Stored items from a collection:
Lemma bdH_K_of_den_ge1 z : uhp z -> ~ Kset G z ->
  (forall g, G g -> ~ psl_id g -> mc g != 0 -> 1 <= den g z) -> bdH (Kset G) z.
Proof.
move=> z2 Kz den_ge1; split=> //; split; last by move/interior_subset.
have y0 : 0 < z.2 := z2.
rewrite [z]surjective_pairing; apply: closure_from_above => s s0.
have zs2 : uhp (z.1, z.2 + s) by rewrite /uhp /=; lra.
split=> // g Gg g1 cg; split=> //; change (1 < den g (z.1, z.2 + s)).
have -> : den g (z.1, z.2 + s) = den g z + mc g ^+ 2 * (2 * z.2 * s + s ^+ 2).
  by rewrite /den /=; ring.
have c2 : 0 < mc g ^+ 2 by rewrite exprn_even_gt0.
have := den_ge1 g Gg g1 cg; have : 0 < 2 * z.2 * s + s ^+ 2 by nra.
by nra.
Qed.

Section Arc.
Variables (g : 'M[R]_2) (p q : R * R).
Hypotheses (gW : Gamma_W G alpha' beta' g) (cg : mc g != 0) (pq : p.1 != q.1).
Hypotheses (Ip : isom_sphere g p) (Iq : isom_sphere g q).
Hypotheses (Wp : closure W p) (Wq : closure W q).

Let z := sphere_arc g p q.

Lemma arc_den d t : 0 <= t <= 1 -> den d (z t) = t * den d p + (1 - t) * den d q.
Proof.
by move=> t01; apply: den_affine_on_sphere cg Ip.2 Iq.2 (sphere_arcP cg Ip Iq t01).2 _.
Qed.

Lemma arc_den_ge1 t : 0 <= t <= 1 ->
  forall d, G d -> ~ psl_id d -> mc d != 0 -> 1 <= den d (z t).
Proof.
move=> t01 d Gd d1 cd; rewrite arc_den //; move: t01 => /andP[t0 t1].
have := (closure_W_sub Wp).1 d Gd d1 cd; have := (closure_W_sub Wq).1 d Gd d1 cd.
by nra.
Qed.

Lemma arc_notK t : 0 < t < 1 -> ~ Kset G (z t).
Proof.
move=> t01 Kz; have t01' : 0 <= t <= 1 by move: t01 => /andP[? ?]; rewrite !ltW.
have Wz : W (z t).
  split=> //; apply: convex_comb_strict t01 => //.
  - exact: (closure_W_sub Wp).2.
  - exact: (closure_W_sub Wq).2.
have : 1 < den g (z t).
  exact: (Gamma_W_ext Gfuchsian no_parabolic infty_ordinary bdK_strip
    alpha'_lt beta_lt gW cg Wz).2.
by rewrite [den g _](sphere_arcP cg Ip Iq t01').2 ltxx.
Qed.

Lemma arc_bdK t : 0 < t < 1 -> bdH (Kset G) (z t).
Proof.
move=> t01; have t01' : 0 <= t <= 1 by move: t01 => /andP[? ?]; rewrite !ltW.
exact: bdH_K_of_den_ge1 (sphere_arcP cg Ip Iq t01').1 (arc_notK t01) (arc_den_ge1 t01').
Qed.

Lemma arc_witness : exists d, [/\ G d, ~ psl_id d, mc d != 0, den d p = 1 & den d q = 1].
Proof.
have half : (0 : R) < 1 / 2 < (1 : R) by apply/andP; split; lra.
have half' : (0 : R) <= 1 / 2 <= (1 : R) by apply/andP; split; lra.
have [z2 _] := sphere_arcP cg Ip Iq half'.
have [d [Gd d1 cd dz]] : exists d, [/\ G d, ~ psl_id d, mc d != 0 & ~ isom_ext d (z (1 / 2))].
  apply: contrapT => all_ext; apply: (arc_notK half); split=> // d Gd d1 cd.
  by apply: contrapT => dz; apply: all_ext; exists d.
have dz1 : den d (z (1 / 2)) <= 1 by rewrite leNgt; apply/negP => ?; apply: dz.
move: dz1; rewrite arc_den //.
have := (closure_W_sub Wp).1 d Gd d1 cd; have := (closure_W_sub Wq).1 d Gd d1 cd.
move=> dq dp dz1; exists d; split=> //; lra.
Qed.

End Arc.

Lemma REL_sub_REL_W : REL G `<=` REL_W G alpha' beta'.
Proof.
move=> _ [g [gR ->]]; have [_ _ cg [z [w [[Iz bz] [Iw bw] zw]]]] := gR.
exists g; split=> //; first by apply: gen_base; left.
by exists z, w; split=> //; split=> //; apply: bdH_K_sub_W.
Qed.

Lemma REL_W_sub_REL : REL_W G alpha' beta' `<=` REL G.
Proof.
move=> _ [g [gW cg [p [q [[Ip [_ [Wp _]]] [Iq [_ [Wq _]]] pq]]] ->]].
have pq1 : p.1 != q.1 by apply/eqP => /(isom_sphere_re_inj cg Ip Iq).
have [d [Gd d1 cd dp dq]] := arc_witness gW cg pq1 Ip Iq Wp Wq.
have Idp : isom_sphere d p by split; [exact: Ip.1 | exact: dp].
have Idq : isom_sphere d q by split; [exact: Iq.1 | exact: dq].
have gd := isom_sphere_eq cg cd pq1 Ip Iq Idp Idq.
exists d; split=> //; split=> //.
pose z := sphere_arc g p q.
have arc t : 0 < t < 1 -> (isom_sphere d `&` bdH (Kset G)) (z t).
  move=> t01; split; last exact: arc_bdK.
  by rewrite -gd; apply: sphere_arcP => //; move: t01 => /andP[? ?]; rewrite !ltW.
exists (z (1 / 3)), (z (2 / 3)); split; [apply: arc | apply: arc | ].
- by apply/andP; split; lra.
- by apply/andP; split; lra.
- by move=> /(congr1 fst) /= e; move/eqP: pq1; apply; lra.
Qed.

End Boundaries.

Unset Implicit Arguments.

Theorem lemma4p7 (R : realType) (G : set 'M[R]_2)
  (hF : fuchsian G) (hGF : geom_finite G) (hnc : ~ cocompact G)
  (hhyp : exists g, G g /\ hyperbolic g)
  (hpar : forall g, G g -> ~ parabolic g)
  (harea : infinite_area G) (hord : ordinary_nbhs_infty G)
  (alpha beta alpha' beta' : R)
  (hab : forall z, bdH (Kset G) z -> alpha <= z.1 <= beta)
  (halpha : forall a, (forall z, bdH (Kset G) z -> a <= z.1) -> a <= alpha)
  (hbeta : forall b, (forall z, bdH (Kset G) z -> z.1 <= b) -> beta <= b)
  (ha' : alpha' < alpha) (hb' : beta < beta') :
  REL G = REL_W G alpha' beta'.
Proof.
have infty_ordinary : ordinary G None by case: hord => M [].
apply/seteqP; split; first exact: (REL_sub_REL_W hab ha' hb').
exact: (REL_W_sub_REL hF hpar infty_ordinary hab ha' hb').
Qed.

Task requirements
Give back the opening line of the records above and every line after it, up to and including the one with "rewrite [z]surjective_pairing; apply: closure_from_above", unchanged.

Task response
Lemma bdH_K_of_den_ge1 z : uhp z -> ~ Kset G z ->
  (forall g, G g -> ~ psl_id g -> mc g != 0 -> 1 <= den g z) -> bdH (Kset G) z.
Proof.
move=> z2 Kz den_ge1; split=> //; split; last by move/interior_subset.
have y0 : 0 < z.2 := z2.
rewrite [z]surjective_pairing; apply: closure_from_above => s s0.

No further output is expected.